Among the entries below, tally each line in which the word "enum" is found, then state the tally alone.

INPUT FOR THIS TASK:
+===+

(* Let $\{a_i,b_i\}$, $i\in\mathbb N_+$, be pairwise distinct two-element subsets of $U$, and let $\mathcal D_1$ be the edge-independent unbounded probabilistic graph in which $E(a_i,b_i)$ and $E(b_i,a_i)$ have marginal probability $p_{a_i,b_i}=p_{b_i,a_i}=1/i^4$ for each $i\in\mathbb N_+$ and all other facts have marginal probability $0$. Then $\mathcal D_1\in\mathsf{CQ}(\mathsf{TI})$.
   Context: Fix a countably infinite universe $U$ equipped with a linear order $<$. Facts are $R(u_1,\dots,u_{\mathrm{ar}(R)})$ with $R$ from a finite schema and $u_i\in U$; instances are finite sets of facts; $\mathrm{adom}(D)$ is the set of elements of $U$ occurring in $D$. A probabilistic database (PDB) is a discrete probability space $(\mathbb D,P)$ with $\mathbb D$ a nonempty countable set of instances; its possible worlds are the instances of positive probability. A graph database is an instance over a single binary relation $E$; it is simple if it has no fact $E(a,a)$ and undirected if $E(a,b)\in D$ implies $E(b,a)\in D$. An edge-independent unbounded probabilistic graph is a PDB $\mathcal D$ such that: every possible world is a simple undirected graph database; for every sequence of pairwise distinct two-element subsets $\{a_1,b_1\},\dots,\{a_k,b_k\}$ of $U$, the events $E(a_i,b_i)\in D$ are independent; and for every $n$ there is a possible world with more than $n$ facts. Such a PDB is determined by the marginals $p_{a,b}=\Pr(E(a,b)\in D)$. A PDB $\mathcal I$ is tuple-independent ($\mathsf{TI}$) if for all pairwise distinct facts $f_1,\dots,f_k$, $\Pr(f_1\in I,\dots,f_k\in I)=\prod_i\Pr(f_i\in I)$. A conjunctive query is a formula built from relational atoms $R(\bar u)$ ($\bar u$ variables or constants) and equality atoms using only $\exists,\wedge$, evaluated under active domain semantics; a CQ-view consists of one CQ $\Phi_R(x_1,\dots,x_{\mathrm{ar}(R)})$ per output relation $R$, mapping $D$ to the instance of all $R(\bar a)$ with $\bar a$ over $\mathrm{adom}(D)\cup\mathrm{adom}(\Phi_R)$ and $D\models\Phi_R[\bar a]$. The image of a PDB under a view is the push-forward distribution; $\mathsf{CQ}(\mathsf{TI})$ is the class of images of TI-PDBs under CQ-views. *)

From HB Require Import structures.
From mathcomp Require Import all_boot all_order all_algebra.
From mathcomp Require Import finmap.
From mathcomp Require Import boolp classical_sets reals ereal esum.
Set Implicit Arguments. Unset Strict Implicit. Unset Printing Implicit Defensive.
Import Order.TTheory GRing.Theory Num.Theory.
Local Open Scope classical_set_scope.
Local Open Scope fset_scope.
Local Open Scope ring_scope.

(* The universe U is taken to be nat (countably infinite, linearly ordered). *)

Section Schema.
Variables (sig : finType) (ar : sig -> nat).

Definition fact := {r : sig & {ffun 'I_(ar r) -> nat}}.
Definition instance := {fset fact}.

Definition mkfact (r : sig) (u : {ffun 'I_(ar r) -> nat}) : fact := existT _ r u.

Definition adom (D : instance) : set nat :=
  [set a | exists2 f : fact, f \in D & exists i, projT2 f i = a].

Variable R : realType.

Definition Pr (P : instance -> R) (E : set instance) : R :=
  fine (\esum_(D in E) (P D)%:E).

Definition is_PDB (P : instance -> R) : Prop :=
  (forall D, 0 <= P D) /\ \esum_(D in [set: instance]) (P D)%:E = 1%E.

Definition possible_world (P : instance -> R) (D : instance) : Prop := 0 < P D.

Definition is_TI (P : instance -> R) : Prop :=
  is_PDB P /\
  forall s : seq fact, uniq s ->
    Pr P [set D | all (fun f => f \in D) s] =
    \prod_(f <- s) Pr P [set D | f \in D].

Inductive term := TVar of nat | TConst of nat.

Inductive cq :=
| CRel (r : sig) of ('I_(ar r) -> term)
| CEq of term & term
| CAnd of cq & cq
| CEx of nat & cq.

Definition term_val (nu : nat -> nat) (t : term) : nat :=
  match t with TVar v => nu v | TConst c => c end.

Definition term_consts (t : term) : seq nat :=
  match t with TVar _ => [::] | TConst c => [:: c] end.
Definition term_vars (t : term) : seq nat :=
  match t with TVar v => [:: v] | TConst _ => [::] end.

Fixpoint cq_consts (phi : cq) : seq nat :=
  match phi with
  | CRel r ts => flatten [seq term_consts (ts i) | i <- enum 'I_(ar r)]
  | CEq t1 t2 => term_consts t1 ++ term_consts t2
  | CAnd p q => cq_consts p ++ cq_consts q
  | CEx _ p => cq_consts p
  end.

Fixpoint cq_fv (phi : cq) : seq nat :=
  match phi with
  | CRel r ts => flatten [seq term_vars (ts i) | i <- enum 'I_(ar r)]
  | CEq t1 t2 => term_vars t1 ++ term_vars t2
  | CAnd p q => cq_fv p ++ cq_fv q
  | CEx v p => [seq w <- cq_fv p | w != v]
  end.

Definition upd (nu : nat -> nat) (v a : nat) : nat -> nat :=
  fun w => if w == v then a else nu w.

Fixpoint cq_sat (D : instance) (dom : set nat) (nu : nat -> nat) (phi : cq) : Prop :=
  match phi with
  | CRel r ts => mkfact [ffun i => term_val nu (ts i)] \in D
  | CEq t1 t2 => term_val nu t1 = term_val nu t2
  | CAnd p q => cq_sat D dom nu p /\ cq_sat D dom nu q
  | CEx v p => exists2 a, dom a & cq_sat D dom (upd nu v a) p
  end.

End Schema.


(* A CQ Phi(x_1,...,x_k): a formula together with its (distinct) free-variable
   list x_1..x_k containing all free variables of the formula. *)
Record cq_k (sig : finType) (ar : sig -> nat) (k : nat) := CQk {
  cq_body : cq ar;
  cq_head : 'I_k -> nat;
}.

Definition cq_k_wf (sig : finType) (ar : sig -> nat) k (Phi : cq_k ar k) : Prop :=
  injective (cq_head Phi) /\
  {subset cq_fv (cq_body Phi) <= [seq cq_head Phi i | i <- enum 'I_k]}.

Definition cq_view (sig : finType) (ar : sig -> nat) (sig' : finType) (ar' : sig' -> nat) :=
  forall r' : sig', cq_k ar (ar' r').

Definition cq_view_wf (sig : finType) (ar : sig -> nat) (sig' : finType) (ar' : sig' -> nat)
  (V : cq_view ar ar') : Prop := forall r', cq_k_wf (V r').

Definition ad_dom (sig : finType) (ar : sig -> nat) k (Phi : cq_k ar k) (D : instance ar) : set nat :=
  adom D `|` [set a | a \in cq_consts (cq_body Phi)].

Definition view_image (sig : finType) (ar : sig -> nat) (sig' : finType) (ar' : sig' -> nat)
  (V : cq_view ar ar') (D : instance ar) (D' : instance ar') : Prop :=
  forall (r' : sig') (u : {ffun 'I_(ar' r') -> nat}),
    mkfact u \in D' <->
    ((forall i, ad_dom (V r') D (u i)) /\
     forall nu : nat -> nat, (forall i, nu (cq_head (V r') i) = u i) ->
       cq_sat D (ad_dom (V r') D) nu (cq_body (V r'))).

Definition image_PDB (R : realType) (sig : finType) (ar : sig -> nat) (sig' : finType) (ar' : sig' -> nat)
  (V : cq_view ar ar') (Q : instance ar -> R) : instance ar' -> R :=
  fun D' => Pr Q [set D | view_image V D D'].

Definition in_CQ_TI (R : realType) (sig' : finType) (ar' : sig' -> nat)
  (P : instance ar' -> R) : Prop :=
  exists (sig : finType) (ar : sig -> nat) (Q : instance ar -> R) (V : cq_view ar ar'),
    is_TI Q /\ cq_view_wf V /\ forall D', P D' = image_PDB V Q D'.

Definition gsig := unit.
Definition gar : gsig -> nat := fun _ => 2.
Definition gfact := fact gar.
Definition ginstance := instance gar.

Definition Efact (a b : nat) : gfact :=
  @mkfact _ gar tt [ffun i : 'I_2 => if val i == 0%N then a else b].

Definition simple_graph (D : ginstance) : Prop := forall a, Efact a a \notin D.
Definition undirected_graph (D : ginstance) : Prop :=
  forall a b, Efact a b \in D -> Efact b a \in D.

Definition edge_indep_unbounded_graph (R : realType) (P : ginstance -> R) : Prop :=
  is_PDB P /\
  (forall D, possible_world P D -> simple_graph D /\ undirected_graph D) /\
  (forall s : seq (nat * nat),
     all (fun e => e.1 != e.2) s ->
     uniq [seq [fset e.1; e.2] | e <- s] ->
     Pr P [set D | all (fun e => Efact e.1 e.2 \in D) s] =
     \prod_(e <- s) Pr P [set D | Efact e.1 e.2 \in D]) /\
  (forall n : nat, exists D, possible_world P D /\ (n < #|` D|)%N).

From mathcomp Require Import all_boot all_order all_algebra.
From mathcomp Require Import lra zify.
From mathcomp Require Import finmap.
From mathcomp Require Import boolp classical_sets reals ereal esum fsbigop cardinality.
Import Order.TTheory GRing.Theory Num.Theory.
Set Implicit Arguments. Unset Strict Implicit. Unset Printing Implicit Defensive.
Local Open Scope classical_set_scope.
Local Open Scope fset_scope.
Local Open Scope ring_scope.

+===+

RESULT OF THIS TASK: 3